(* Let $AB\Gamma$ be a (nondegenerate) triangle with interior angles $A$, $B$, $\Gamma$ at the vertices $A$, $B$, $\Gamma$ respectively. Let $\ell_1$ be the line perpendicular to $AB$ through $B$, $\ell_2$ the line perpendicular to $B\Gamma$ through $\Gamma$, and $\ell_3$ the line perpendicular to $\Gamma A$ through $A$. These three lines bound a triangle $A'B'\Gamma'$. If $E$ and $E'$ denote the areas of triangles $AB\Gamma$ and $A'B'\Gamma'$ respectively, then $$\frac{E'}{E} = (\cot A + \cot B + \cot \Gamma)^2 .$$ *)

From Stdlib Require Import Reals.
Open Scope R_scope.

Definition pt := (R * R)%type.

Definition vsub (P Q : pt) : pt := (fst P - fst Q, snd P - snd Q).
Definition dot (u v : pt) : R := fst u * fst v + snd u * snd v.
Definition cross (u v : pt) : R := fst u * snd v - snd u * fst v.
Definition vnorm (u : pt) : R := sqrt (dot u u).

Definition nondegenerate (A B C : pt) : Prop := cross (vsub B A) (vsub C A) <> 0.

Definition tri_area (P Q S : pt) : R := Rabs (cross (vsub Q P) (vsub S P)) / 2.

Definition angle_at (P Q S : pt) : R :=
  acos (dot (vsub Q P) (vsub S P) / (vnorm (vsub Q P) * vnorm (vsub S P))).

Definition cot (x : R) : R := cos x / sin x.

Definition on_perp (P Q X : pt) : Prop := dot (vsub X Q) (vsub Q P) = 0.

(* Both the cotangent sum and the area of the outer triangle are rational in the
   coordinates.  With D = cross (B - A) (Γ - A) (twice the signed area of ABΓ) and
   S the sum of the three dot products of the sides at the vertices, the cotangent
   at a vertex is its dot product divided by |D|, and the three pairwise
   intersections of the perpendiculars, computed by Cramer's rule, span a triangle
   of signed double area S^2 / D.  Hence E'/E = S^2 / D^2 = (S / |D|)^2. *)

From Stdlib Require Import Reals Lra Psatz.
Open Scope R_scope.

Lemma dot_cross_sq (u v : pt) :
  dot u v ^ 2 + cross u v ^ 2 = dot u u * dot v v.
Proof. destruct u, v; unfold dot, cross; simpl; ring. Qed.

Lemma dot_self_pos (u v : pt) : cross u v <> 0 -> 0 < dot u u.
Proof.
  destruct u as [ux uy], v as [vx vy]; unfold dot, cross; simpl; intro Hc.
  destruct (Rle_lt_dec (ux * ux + uy * uy) 0) as [Hle|Hlt]; [|exact Hlt].
  assert (ux = 0) by nra; assert (uy = 0) by nra; subst.
  contradict Hc; ring.
Qed.

Lemma cot_acos_dot_div_norms (u v : pt) : cross u v <> 0 ->
  cot (acos (dot u v / (vnorm u * vnorm v))) = dot u v / Rabs (cross u v).
Proof.
  intro Hc.
  assert (Hv : cross v u <> 0) by (contradict Hc; destruct u, v;
    unfold cross in *; simpl in *; lra).
  pose proof (dot_self_pos u v Hc) as Hu2; pose proof (dot_self_pos v u Hv) as Hv2.
  set (n := vnorm u * vnorm v).
  assert (Hn2 : n * n = dot u u * dot v v).
  { unfold n, vnorm; rewrite <- (sqrt_mult (dot u u) (dot v v)) by lra.
    apply sqrt_sqrt; nra. }
  assert (Hn : 0 < n) by (unfold n, vnorm; apply Rmult_lt_0_compat; apply sqrt_lt_R0; lra).
  assert (Habs : 0 < Rabs (cross u v)) by (apply Rabs_pos_lt; exact Hc).
  pose proof (dot_cross_sq u v) as Hlag.
  assert (Hsin : 1 - (dot u v / n)² = (Rabs (cross u v) / n) ^ 2).
  { replace ((Rabs (cross u v) / n) ^ 2) with (Rabs (cross u v) ^ 2 / (n * n))
      by (field; lra).
    rewrite pow2_abs; replace (cross u v ^ 2) with (n * n - dot u v ^ 2) by lra.
    unfold Rsqr; field; lra. }
  assert (Hx : -1 <= dot u v / n <= 1).
  { assert (0 <= (Rabs (cross u v) / n) ^ 2) by apply pow2_ge_0.
    unfold Rsqr in Hsin; nra. }
  unfold cot; rewrite cos_acos, sin_acos, Hsin, sqrt_pow2 by
    (try exact Hx; apply Rlt_le, Rdiv_lt_0_compat; lra).
  field; lra.
Qed.

Lemma cross_vsub_rotate (P Q S : pt) :
  cross (vsub S Q) (vsub P Q) = cross (vsub Q P) (vsub S P).
Proof. destruct P, Q, S; unfold cross, vsub; simpl; ring. Qed.

Lemma cross_vsub_shift (P Q S : pt) :
  cross (vsub Q P) (vsub S Q) = cross (vsub Q P) (vsub S P).
Proof. destruct P, Q, S; unfold cross, vsub; simpl; ring. Qed.

Lemma cot_angle_at (P Q S : pt) : nondegenerate P Q S ->
  cot (angle_at P Q S) = dot (vsub Q P) (vsub S P) / Rabs (cross (vsub Q P) (vsub S P)).
Proof. exact (cot_acos_dot_div_norms (vsub Q P) (vsub S P)). Qed.

Lemma nondegenerate_rotate (P Q S : pt) : nondegenerate P Q S -> nondegenerate Q S P.
Proof. unfold nondegenerate; intro H; rewrite cross_vsub_rotate; exact H. Qed.

(* The intersection of the perpendicular to PQ through Q with the perpendicular
   to RS through S, by Cramer's rule. *)
Definition perp_meet (P Q R S : pt) : pt :=
  let u := vsub Q P in let v := vsub S R in
  let a := dot Q u in let b := dot S v in
  ((a * snd v - b * snd u) / cross u v, (fst u * b - fst v * a) / cross u v).

Lemma on_perp_meet (P Q R S X : pt) :
  cross (vsub Q P) (vsub S R) <> 0 ->
  on_perp P Q X -> on_perp R S X -> X = perp_meet P Q R S.
Proof.
  destruct P as [p1 p2], Q as [q1 q2], R as [r1 r2], S as [s1 s2], X as [x1 x2].
  unfold perp_meet, on_perp, cross, dot, vsub; simpl; intros Hc H1 H2.
  pose proof (f_equal (Rmult (s1 - r1)) H1); pose proof (f_equal (Rmult (s2 - r2)) H1).
  pose proof (f_equal (Rmult (q1 - p1)) H2); pose proof (f_equal (Rmult (q2 - p2)) H2).
  f_equal; field_simplify_eq; auto; lra.
Qed.

Definition vertex_dot_sum (A B G : pt) : R :=
  dot (vsub B A) (vsub G A) + dot (vsub G B) (vsub A B) + dot (vsub A G) (vsub B G).

Lemma perp_triangle_cross (A B G : pt) : nondegenerate A B G ->
  let A' := perp_meet G A A B in
  let B' := perp_meet A B B G in
  let G' := perp_meet B G G A in
  cross (vsub B' A') (vsub G' A')
  = vertex_dot_sum A B G ^ 2 / cross (vsub B A) (vsub G A).
Proof.
  destruct A, B, G; unfold nondegenerate, vertex_dot_sum, perp_meet, cross, dot, vsub;
    simpl; intro HD.
  field; repeat split; contradict HD; lra.
Qed.

Lemma area_ratio_sq (S D : R) : D <> 0 ->
  Rabs (S ^ 2 / D) / 2 / (Rabs D / 2) = (S / Rabs D) ^ 2.
Proof.
  intro HD; pose proof (Rabs_pos_lt D HD).
  assert (Rabs (S ^ 2 / D) = S ^ 2 / Rabs D) as ->.
  { unfold Rdiv; rewrite Rabs_mult, Rabs_inv, Rabs_pos_eq by apply pow2_ge_0.
    reflexivity. }
  field; lra.
Qed.

Theorem mainTheorem1 (A B G A' B' G' : pt) :
  nondegenerate A B G ->
  on_perp G A A' -> on_perp A B A' ->
  on_perp A B B' -> on_perp B G B' ->
  on_perp B G G' -> on_perp G A G' ->
  tri_area A' B' G' / tri_area A B G =
    (cot (angle_at A B G) + cot (angle_at B G A) + cot (angle_at G A B)) ^ 2.
Proof.
  intros HD HA3 HA1 HB1 HB2 HG2 HG3.
  pose proof (nondegenerate_rotate _ _ _ HD) as HD'.
  pose proof (nondegenerate_rotate _ _ _ HD') as HD''.
  assert (HAB : cross (vsub A G) (vsub B A) <> 0) by now rewrite cross_vsub_shift.
  assert (HBG : cross (vsub B A) (vsub G B) <> 0) by now rewrite cross_vsub_shift.
  assert (HGA : cross (vsub G B) (vsub A G) <> 0) by now rewrite cross_vsub_shift.
  rewrite (on_perp_meet _ _ _ _ A' HAB HA3 HA1), (on_perp_meet _ _ _ _ B' HBG HB1 HB2),
    (on_perp_meet _ _ _ _ G' HGA HG2 HG3).
  unfold tri_area; rewrite (perp_triangle_cross _ _ _ HD).
  rewrite (cot_angle_at _ _ _ HD), (cot_angle_at _ _ _ HD'), (cot_angle_at _ _ _ HD'').
  rewrite (cross_vsub_rotate B G A), (cross_vsub_rotate A B G), area_ratio_sq by exact HD.
  unfold vertex_dot_sum; f_equal; field; now apply Rabs_no_R0.
Qed.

--- PROBLEM TO WORK ON ---
Among the lines of the data above, find those with the word "rewrite" and show them.

--- ANSWER TO THE EXERCISE ---
  { unfold n, vnorm; rewrite <- (sqrt_mult (dot u u) (dot v v)) by lra.
    rewrite pow2_abs; replace (cross u v ^ 2) with (n * n - dot u v ^ 2) by lra.
  unfold cot; rewrite cos_acos, sin_acos, Hsin, sqrt_pow2 by
Proof. unfold nondegenerate; intro H; rewrite cross_vsub_rotate; exact H. Qed.
  { unfold Rdiv; rewrite Rabs_mult, Rabs_inv, Rabs_pos_eq by apply pow2_ge_0.
  assert (HAB : cross (vsub A G) (vsub B A) <> 0) by now rewrite cross_vsub_shift.
  assert (HBG : cross (vsub B A) (vsub G B) <> 0) by now rewrite cross_vsub_shift.
  assert (HGA : cross (vsub G B) (vsub A G) <> 0) by now rewrite cross_vsub_shift.
  rewrite (on_perp_meet _ _ _ _ A' HAB HA3 HA1), (on_perp_meet _ _ _ _ B' HBG HB1 HB2),
  unfold tri_area; rewrite (perp_triangle_cross _ _ _ HD).
  rewrite (cot_angle_at _ _ _ HD), (cot_angle_at _ _ _ HD'), (cot_angle_at _ _ _ HD'').
  rewrite (cross_vsub_rotate B G A), (cross_vsub_rotate A B G), area_ratio_sq by exact HD.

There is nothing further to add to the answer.